Copy-ServiceFabricServicePackageToNode
Hiermee kopieert u een servicepakket naar een doelknooppunt.
Syntaxis
Copy-ServiceFabricServicePackageToNode
[-ServiceManifestName] <String>
[-ApplicationTypeName] <String>
[-ApplicationTypeVersion] <String>
[-NodeName] <String>
[-PackageSharingPolicies <PackageSharingPolicy[]>]
[-TimeoutSec <Int32>]
[<CommonParameters>]
Description
De cmdlet Copy-ServiceFabricServicePackageToNode kopieert een servicepakket naar de cache van de installatiekopie en gedeelde mappen op een doelknooppunt. U kunt deze cmdlet uitvoeren om knooppunten vooraf te vullen met vereiste code, configuratie en gegevenspakketten. Latere bewerkingen voor het maken van services kunnen sneller worden voltooid.
Als u Service Fabric-clusters wilt beheren, start u Windows PowerShell met behulp van de optie Uitvoeren als administrator. Voordat u een bewerking uitvoert op een Service Fabric-cluster, maakt u een verbinding met het cluster met behulp van de cmdlet Connect-ServiceFabricCluster .
Voorbeelden
Voorbeeld 1: Een beleid voor pakketshares genereren
PS C:\> $sharingPolicy = new-ServiceFabricPackageSharingPolicy -PackageName CalcService5 -SharingScopeAll
Met deze opdracht wordt een pakketsharebeleid gegenereerd met behulp van de cmdlet New-ServiceFabricPackageSharingPolicy en wordt dit toegewezen aan de variabele met de naam $sharingPolicy.

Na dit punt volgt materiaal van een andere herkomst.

(* Fix integers $d\ge2$, $r\ge1$ and a constant $M>0$. There is a constant $C>0$ depending only on $d,r,M$ such that the following holds for all $n$. Let $H$ be a Hermitian operator on $(\mathbb C^d)^{\otimes n}$ that is translation-invariant ($H\mathcal T=\mathcal T H$) and whose spectrum has non-degenerate gaps. Let $A,B$ be traceless operators (not necessarily Hermitian or unitary), each $r$-local, with $\|A\|,\|B\|\le M$. Then $$\big|\mathrm{OTOC}^\infty(A,B)\big|\le C/n,\qquad \mathrm{OTOC}^\infty(A,B):=\lim_{\tau\to\infty}\frac1\tau\int_0^\tau\langle A^\dagger(t)B^\dagger A(t)B\rangle\,dt,$$ where $A(t):=e^{iHt}Ae^{-iHt}$ and $\langle X\rangle:=\operatorname{tr}X/D$ with $D=d^n$.
   Context: $\mathcal T$ is the unitary lattice translation operator on $(\mathbb C^d)^{\otimes n}$, defined on computational basis states by $\mathcal T(|x_1\rangle\otimes\cdots\otimes|x_n\rangle)=|x_n\rangle\otimes|x_1\rangle\otimes\cdots\otimes|x_{n-1}\rangle$. An operator is $r$-local if it acts nontrivially only on a set of at most $r$ consecutive sites (consecutive in the cyclic sense, sites $1,\dots,n$ arranged on a ring). The spectrum $\{E_j\}$ of a Hamiltonian has non-degenerate gaps if for all $j\neq k$, $E_j-E_k=E_{j'}-E_{k'}$ implies $j=j'$ and $k=k'$. $\|\cdot\|$ is the operator norm. *)

From Stdlib Require Import Reals Lra Lia List Arith.
Import ListNotations.
Open Scope R_scope.

Record Cpx := mkCpx { Re : R; Im : R }.
Definition C0 : Cpx := mkCpx 0 0.
Definition C1 : Cpx := mkCpx 1 0.
Definition Cadd (z w : Cpx) : Cpx := mkCpx (Re z + Re w) (Im z + Im w).
Definition Cmul (z w : Cpx) : Cpx :=
  mkCpx (Re z * Re w - Im z * Im w) (Re z * Im w + Im z * Re w).
Definition Cconj (z : Cpx) : Cpx := mkCpx (Re z) (- Im z).
Definition Crscale (a : R) (z : Cpx) : Cpx := mkCpx (a * Re z) (a * Im z).
Definition Cofreal (a : R) : Cpx := mkCpx a 0.
Definition Cmod (z : Cpx) : R := sqrt (Re z * Re z + Im z * Im z).

Fixpoint csum (f : nat -> Cpx) (N : nat) : Cpx :=
  match N with O => C0 | S k => Cadd (csum f k) (f k) end.
Fixpoint rsum (f : nat -> R) (N : nat) : R :=
  match N with O => 0 | S k => rsum f k + f k end.

(** * Operators on C^D, D = d^n, as matrices indexed by basis labels < D.
    Entries at labels >= D are irrelevant. *)
Definition vec := nat -> Cpx.
Definition mat := nat -> nat -> Cpx.

Definition mmul (D : nat) (A B : mat) : mat :=
  fun i j => csum (fun k => Cmul (A i k) (B k j)) D.
Definition mvmul (D : nat) (A : mat) (v : vec) : vec :=
  fun i => csum (fun k => Cmul (A i k) (v k)) D.
Definition madj (A : mat) : mat := fun i j => Cconj (A j i).
Definition mscale (z : Cpx) (A : mat) : mat := fun i j => Cmul z (A i j).
Definition mid : mat := fun i j => if Nat.eqb i j then C1 else C0.
Fixpoint mpow (D : nat) (A : mat) (k : nat) : mat :=
  match k with O => mid | S k' => mmul D A (mpow D A k') end.

Definition ctrace (D : nat) (A : mat) : Cpx := csum (fun i => A i i) D.
Definition expect (D : nat) (A : mat) : Cpx := Crscale (/ INR D) (ctrace D A).

Definition cinner (D : nat) (u v : vec) : Cpx :=
  csum (fun i => Cmul (Cconj (u i)) (v i)) D.
Definition vnorm (D : nat) (v : vec) : R :=
  sqrt (rsum (fun i => Re (v i) * Re (v i) + Im (v i) * Im (v i)) D).

Definition hermitian (D : nat) (H : mat) : Prop :=
  forall i j, (i < D)%nat -> (j < D)%nat -> H i j = Cconj (H j i).
Definition mcommute (D : nat) (X Y : mat) : Prop :=
  forall i j, (i < D)%nat -> (j < D)%nat -> mmul D X Y i j = mmul D Y X i j.
Definition traceless (D : nat) (A : mat) : Prop := ctrace D A = C0.
Definition opnorm_le (D : nat) (A : mat) (M : R) : Prop :=
  forall v : vec, vnorm D (mvmul D A v) <= M * vnorm D v.

(** [E] is the spectrum {E_j}_{j<D} (with multiplicity) of the Hermitian [H]:
    there is an orthonormal basis (b j)_{j<D} with H b_j = E_j b_j. *)
Definition spectrum_of (D : nat) (H : mat) (E : nat -> R) : Prop :=
  exists b : nat -> vec,
    (forall j k, (j < D)%nat -> (k < D)%nat ->
        cinner D (b j) (b k) = if Nat.eqb j k then C1 else C0) /\
    (forall j i, (j < D)%nat -> (i < D)%nat ->
        mvmul D H (b j) i = Cmul (Cofreal (E j)) (b j i)).

Definition nondeg_gaps (D : nat) (E : nat -> R) : Prop :=
  forall j k j' k', (j < D)%nat -> (k < D)%nat -> (j' < D)%nat -> (k' < D)%nat ->
    j <> k -> E j - E k = E j' - E k' -> j = j' /\ k = k'.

Voorbeeld 2: Een servicepakket kopiƫren
PS C:\> Copy-ServiceFabricServicePackageToNode -ServiceManifestName CalcService5 -ApplicationTypeName CalcServiceApp -ApplicationTypeVersion 5.0 -NodeName Node4 -PackageSharingPolicies $sharingPolicy -TimeoutSec 600 -Verbose
Met de opdracht wordt het servicepakket gekopieerd dat behoort tot het toepassingstype 'CalcServiceApp', toepassingsversie '5.0' en het servicemanifest 'CalcService5' naar Node4 met eerder gegenereerd sharebeleidsobject $sharePolicy.
Parameters
-ApplicationTypeName
Hiermee geeft u de naam voor een Service Fabric-toepassingstype. Met de cmdlet worden pakketten gekopieerd voor het toepassingstype dat met deze parameter wordt opgegeven.
Type: | String |
Position: | 1 |
Default value: | None |
Vereist: | True |
Pijplijninvoer accepteren: | False |
Jokertekens accepteren: | False |
-ApplicationTypeVersion
Hiermee geeft u de versie van een Service Fabric-toepassingstype op. Met de cmdlet worden pakketten gekopieerd voor de versie van het toepassingstype die met deze parameter wordt opgegeven.
Type: | String |
Position: | 2 |
Default value: | None |
Vereist: | True |
Pijplijninvoer accepteren: | False |
Jokertekens accepteren: | False |
-NodeName
Hiermee geeft u de naam van een Service Fabric-knooppunt. Met de cmdlet wordt het servicepakket gekopieerd naar het knooppunt dat u opgeeft.
Type: | String |
Position: | 4 |
Default value: | None |
Vereist: | True |
Pijplijninvoer accepteren: | False |
Jokertekens accepteren: | False |
-PackageSharingPolicies
Hiermee geeft u een matrix van beleid voor pakketdeling waarmee wordt beschreven welke pakketten moeten worden gekopieerd naar de map gedeelde pakketten op het doelknooppunt. Gebruik de cmdlet New-ServiceFabricPackageSharingPolicy om een PackageSharingPolicy-object te verkrijgen.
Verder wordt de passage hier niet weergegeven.